Die DGHO hat Anfang Februar in einem gemeinsamen Positionspapier mit anderen Fachgesellschaften und der Krebsselbsthilfe einen schnelleren Zugang von Patienten mit aktiver Krebserkrankung zur COVID-19-Schutzimpfung gefordert.

Die Coronavirus-Impfverordnung sieht erfreulicherweise daraufhin jetzt eine hohe Priorität für Personen mit malignen hämatologischen Erkrankungen oder behandlungsbedürftigen soliden Tumorerkrankungen, die nicht in Remission sind oder deren Remissionsdauer weniger als fünf Jahre beträgt, vor. Das bedeutet, Krebspatient*innen gehören ab sofort je nach Krebsart und Verlauf zur 2. oder 3. Gruppe laut Impfverordnung. Ab wann die Impfung für diese Gruppen möglich ist, steht in Niedersachsen leider derzeit noch nicht fest. Das hängt davon ab, wann genügend Impfstoff vorhanden ist und wie dieser den Impfzentren vom Sozialministerium zur Verfügung gestellt wird.

Weitere Informationen und Hinweise gibt es auch in der Präsentation der Deutschen Krebsgesellschaft.

SOLLEN SICH KREBSPATIENT*INNEN IMPFEN LASSEN?

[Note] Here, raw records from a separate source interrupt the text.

(* Choose representatives [r k] of the [z k]; the rule transfers to the
   ultraproduct because only the finitely many indices [0..n+1] are involved. *)
Lemma DL_n_ultraprod_closed n : ultraprod_closed (DL_n n).
Proof.
move=> I U dI A F UU KA dB B h hh hs hk; have [UT UF Um Ui Uu] := UU.
case: n KA => [|n] KA.
  case: (Uu (fun i => forall x, F i x)) => [Uf|Un].
    by right => b; have [a <-] := hs b; exists a; split => //; apply: Um Uf _ => i; apply.
  left => b [a [_ Ua]]; apply: UF; apply: Um (Ui _ _ Ua Un) _ => i [Fa nf].
  by case: (KA i) => [emp|full]; [exact: emp _ Fa | exact: nf full].
apply/nfilterP; split.
  move=> b b' [a [ha Ua]] bb'; have [a' ha'] := hs b'; exists a'; split => //.
  have /(hk _ _) Ue : h (fun i => a i `&` a' i) = h a.
    by rewrite (proj1 (hh a a')) ha ha'; apply/meet_idPl.
  apply: Um (Ui _ _ Ua Ue) _ => i [Fa eq].
  have [up _] := (nfilterP _ _).1 (KA i).
  by apply: up Fa _; apply/meet_idPl.
move=> z Hz; have [r hr] := choice (fun k => hs (z k)).
have h_meet k0 S : h (fun i => meet_idx (r k0 i) (fun k => r k i) S) = meet_idx (z k0) z S.
  elim: S => [|k S IH] /=; first exact: hr.
  by rewrite (proj1 (hh (r k) (fun i => meet_idx (r k0 i) (fun k => r k i) S))) IH hr.
have Ubut j : (j <= n.+1)%N -> U (fun i => F i (meet_but (fun k => r k i) n.+1 j)).
  move=> jn; have [a [ha Ua]] := Hz j jn.
  have /(hk _ _) Ue : h a = h (fun i => meet_but (fun k => r k i) n.+1 j).
    by rewrite ha; symmetry; apply: h_meet.
  by apply: Um (Ui _ _ Ua Ue) _ => i [Fa <-].
exists (fun i => meet_upto (fun k => r k i) n.+1); split; first exact: h_meet.
apply: Um (ultrafilter_forall_le UU Ubut) _ => i Hi.
by have [_ R] := (nfilterP _ _).1 (KA i); apply: R.
Qed.

Lemma DL_n_nontrivial n : ~ trivial_class (DL_n n).
Proof.
move=> T; apply: (T _ bool (fun _ => False) _ true); case: n {T} => [|n]; first by left => x.
by apply/nfilterP; split => // z /(_ 0 isT).
Qed.

Lemma DL_n_subclass_inf n : subclass (DL_n n) DL_inf.
Proof.
move=> d L F; case: n => [[emp|full]|n]; [by move=> x y /emp | by move=> x y _ _; apply: full |].
by case/nfilterP.
Qed.

Lemma subset_leE n (T T' : {set 'I_n}) : (T <= T') = (T \subset T').
Proof. by []. Qed.

Lemma DL_inf_not_subclass_DL_n n : ~ subclass DL_inf (DL_n n).
Proof.
move=> S; have := S _ {set 'I_n.+1} (@nonempty_set n.+1) (@nonempty_set_upset n.+1).
case: n {S} => [[emp|full]|n].
- by apply: (emp setT); apply/set0Pn; exists ord0; rewrite inE.
- by have := full set0; rewrite /nonempty_set eqxx.
(* With [z j] the complement of [{j}], every meet of [n+1] of the [z j] is
   nonempty while the meet of all of them is empty. *)
case/nfilterP => _ R; pose z j : {set 'I_n.+2} := [set i : 'I_n.+2 | (i : nat) != j].
have /set0Pn[i ifm] : nonempty_set (meet_upto z n.+1).
  apply: R => j jn; apply/set0Pn; exists (inord j).
  suff : [set inord j : 'I_n.+2] <= meet_but z n.+1 j by rewrite subset_leE sub1set.
  apply/le_meet_but => // k kn kj.
  by rewrite subset_leE sub1set inE inordK // eq_sym.
have := meet_upto_le z (ltn_ord i : (val i <= n.+1)%N).
by rewrite subset_leE => /subsetP/(_ i ifm); rewrite inE eqxx.
Qed.

Section UpsetGen.
Context {d : Order.disp_t} {L : distrLatticeType d}.
Variable F : L -> Prop.

Definition upset_gen (S : seq L) (x : L) := exists s, [/\ s \in S, F s & s <= x].

(* Among [|S|+2] witnesses in [S], two coincide (pigeonhole); the common witness
   lies below every [z k], hence below the full meet. *)
Lemma upset_gen_meet_rule S : meet_rule (size S).+1 (upset_gen S).
Proof.
set n := (size S).+1 => z Hz.
have [s sP] : {s : nat -> L & forall i, (i <= n)%N ->
    [/\ s i \in S, F (s i) & s i <= meet_but z n i]}.
  apply: (choice (P := fun i si => (i <= n)%N -> [/\ si \in S, F si & si <= meet_but z n i])).
  move=> i; case: (leqP i n) => iN; first by have [si Hs] := Hz i iN; exists si.
  by have [si Hs] := Hz 0 isT; exists si.
have nu : ~~ uniq [seq index (s i) S | i <- iota 0 n.+1].
  apply/negP => u.
  have sub : {subset [seq index (s i) S | i <- iota 0 n.+1] <= iota 0 (size S)}.
    move=> j /mapP[i]; rewrite mem_iota => /andP[_ iN] ->.
    by rewrite mem_iota add0n index_mem; have [-> _ _] := sP i iN.
  by have := uniq_leq_size u sub; rewrite size_map !size_iota /n ltnNge leqW.
have [i [j [ij jn e]]] := uniqPn 0 nu.
rewrite size_map size_iota in jn; have iN : (i < n.+1)%N by apply: ltn_trans jn.
rewrite !(nth_map 0) ?size_iota // !nth_iota // !add0n in e.
have [siS Fsi sio] := sP i iN; have [sjS Fsj sjo] := sP j jn.
have eij : s i = s j by rewrite -(nth_index (s i) siS) e nth_index.
exists (s i); split => //; apply/le_meet_upto => k kn.
case: (eqVneq k i) => [ki|ki]; last by apply: le_trans sio _; apply: meet_but_le.
rewrite ki eij; apply: le_trans sjo _; apply: meet_but_le => //.
by rewrite neq_ltn ij.
Qed.

Lemma upset_gen_nfilter S : n_filter (size S).+1 (upset_gen S).
Proof.
apply/nfilterP; split; last exact: upset_gen_meet_rule.
by move=> x y [s [sS Fs sx]] xy; exists s; split => //; apply: le_trans xy.
Qed.

End UpsetGen.

Lemma ultrafilter_seq_cones (T : eqType) : exists U : (seq T -> Prop) -> Prop,
  ultrafilter U /\ forall x, U (fun S => x \in S).
Proof.
pose Fb (X : seq T -> Prop) := exists S0 : seq T, forall S, {subset S0 <= S} -> X S.
have PF : filter.ProperFilter Fb.
  apply: filter.Build_ProperFilter; first by case=> S0 /(_ S0) H; apply: H.
  apply: filter.Build_Filter.
  - by exists [::].
  - move=> X Y [S0 H0] [S1 H1]; exists (S0 ++ S1) => S sub; split.
      by apply: H0 => x xS; apply: sub; rewrite mem_cat xS.
    by apply: H1 => x xS; apply: sub; rewrite mem_cat xS orbT.
  - by move=> X Y XY [S0 H0]; exists S0 => S sub; apply: XY; apply: H0.
have [U [UU FU]] := filter.ultraFilterLemma PF.
have [[Un [UT UI US]] _] := UU.
exists U; split.
  split.
  - exact: UT.
  - exact: Un.
  - by move=> X Y UX XY; apply: US UX.
  - by move=> X Y; apply: UI.
  - by move=> X; apply: filter.in_ultra_setVsetC.
by move=> x; apply: FU; exists [:: x] => S /(_ x); apply; rewrite mem_head.
Qed.

Section Ultrapower.
Variables (I : Type) (U : (I -> Prop) -> Prop).
Hypothesis UU : ultrafilter U.
Context {d : Order.disp_t} {L : distrLatticeType d}.
Local Notation P := (prod_dl (fun _ : I => L)).

Let UT : U (fun _ => True). Proof. by case: UU. Qed.
Let Um : forall X Y : I -> Prop, U X -> (forall i, X i -> Y i) -> U Y. Proof. by case: UU. Qed.
Let Ui : forall X Y : I -> Prop, U X -> U Y -> U (fun i => X i /\ Y i). Proof. by case: UU. Qed.

Definition ueq (a b : P) := U (fun i => a i = b i).

Lemma ueq_refl a : ueq a a. Proof. exact: Um UT _. Qed.
Lemma ueq_sym a b : ueq a b -> ueq b a. Proof. by move/Um; apply => i ->. Qed.
Lemma ueq_trans a b c : ueq a b -> ueq b c -> ueq a c.
Proof. by move=> r1 r2; apply: Um (Ui r1 r2) _ => i [-> ->]. Qed.

Definition uclass_type := {C : P -> Prop | exists a, C = ueq a}.
Definition uclass (a : P) : uclass_type := exist _ (ueq a) (ex_intro _ a erefl).

Lemma uclass_ind (Q : uclass_type -> Prop) : (forall a, Q (uclass a)) -> forall C, Q C.
Proof.
by move=> Qa [C [a e]]; have -> : exist _ C (ex_intro _ a e) = uclass a by apply: sig_eq.
Qed.

Lemma uclass_surj C : exists a, uclass a = C.
Proof. by elim/uclass_ind: C => a; exists a. Qed.

Lemma uclass_eq a b : uclass a = uclass b <-> ueq a b.
Proof.
split=> [e|r].
  have : sval (uclass b) b by apply: ueq_refl.
  by rewrite -e.
apply: sig_eq; apply: funext => c; apply: propext; split.
  exact: ueq_trans (ueq_sym r).
exact: ueq_trans r.
Qed.

Definition urepr (C : uclass_type) : P := sval (cid (svalP C)).

Lemma urepr_ueq a : ueq (urepr (uclass a)) a.
Proof. by apply/uclass_eq; rewrite /urepr; case: cid => b e; apply: sig_eq. Qed.

Definition umeet C C' := uclass (urepr C `&` urepr C').
Definition ujoin C C' := uclass (urepr C `|` urepr C').

Lemma umeetE a b : umeet (uclass a) (uclass b) = uclass (a `&` b).
Proof.
apply/uclass_eq; apply: Um (Ui (urepr_ueq a) (urepr_ueq b)) _ => i [ea eb].
by rewrite !prod_meetE ea eb.
Qed.

Lemma ujoinE a b : ujoin (uclass a) (uclass b) = uclass (a `|` b).
Proof.
apply/uclass_eq; apply: Um (Ui (urepr_ueq a) (urepr_ueq b)) _ => i [ea eb].
by rewrite !prod_joinE ea eb.
Qed.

Derzeit gibt es drei in der EU zugelassene Impfstoffe gegen SARS- CoV-2. Dazu gehören die beiden mRNA-Impfstoffe von Biontech und Moderna sowie der Vektorimpfstoff von AstraZeneca. Die beiden mRNA-Impfstoffe sind gut verträglich und können das Infektionsrisiko um bis zu 90 Prozent verringern. Bei dem Vektor-Impfstoff gehen die Experten von einer etwas geringeren Wirksamkeit im Hinblick auf die Verhinderung einer Infektion aus. Alle drei Impfstoffe verhindern aber einen schweren Verlauf einer Covid19-Infektion mit extrem hoher Zuverlässigkeit. Nebenwirkungen wie Müdigkeit, Fieber und Schmerzen an der Einstichstelle können auftreten, sind aber normal bei Impfungen und zeigen, dass der Körper Abwehrstoffe bildet. Wie es sich bei Krebspatient*innen verhält, können wir derzeit noch nicht sagen, da insbesondere Patient*innen mit eingeschränkter Immunfunktion unter den Proband*innen der Zulassungsstudien nicht vertreten waren. Um herauszufinden, ob Menschen mit verminderter Immunabwehr nach einer Infektion oder Impfung Antikörper entwickeln, werden Forscher*innen der Universitätsmedizin Göttingen zusammen mit der Medizinischen Hochschule in einem Studienprojekt untersuchen.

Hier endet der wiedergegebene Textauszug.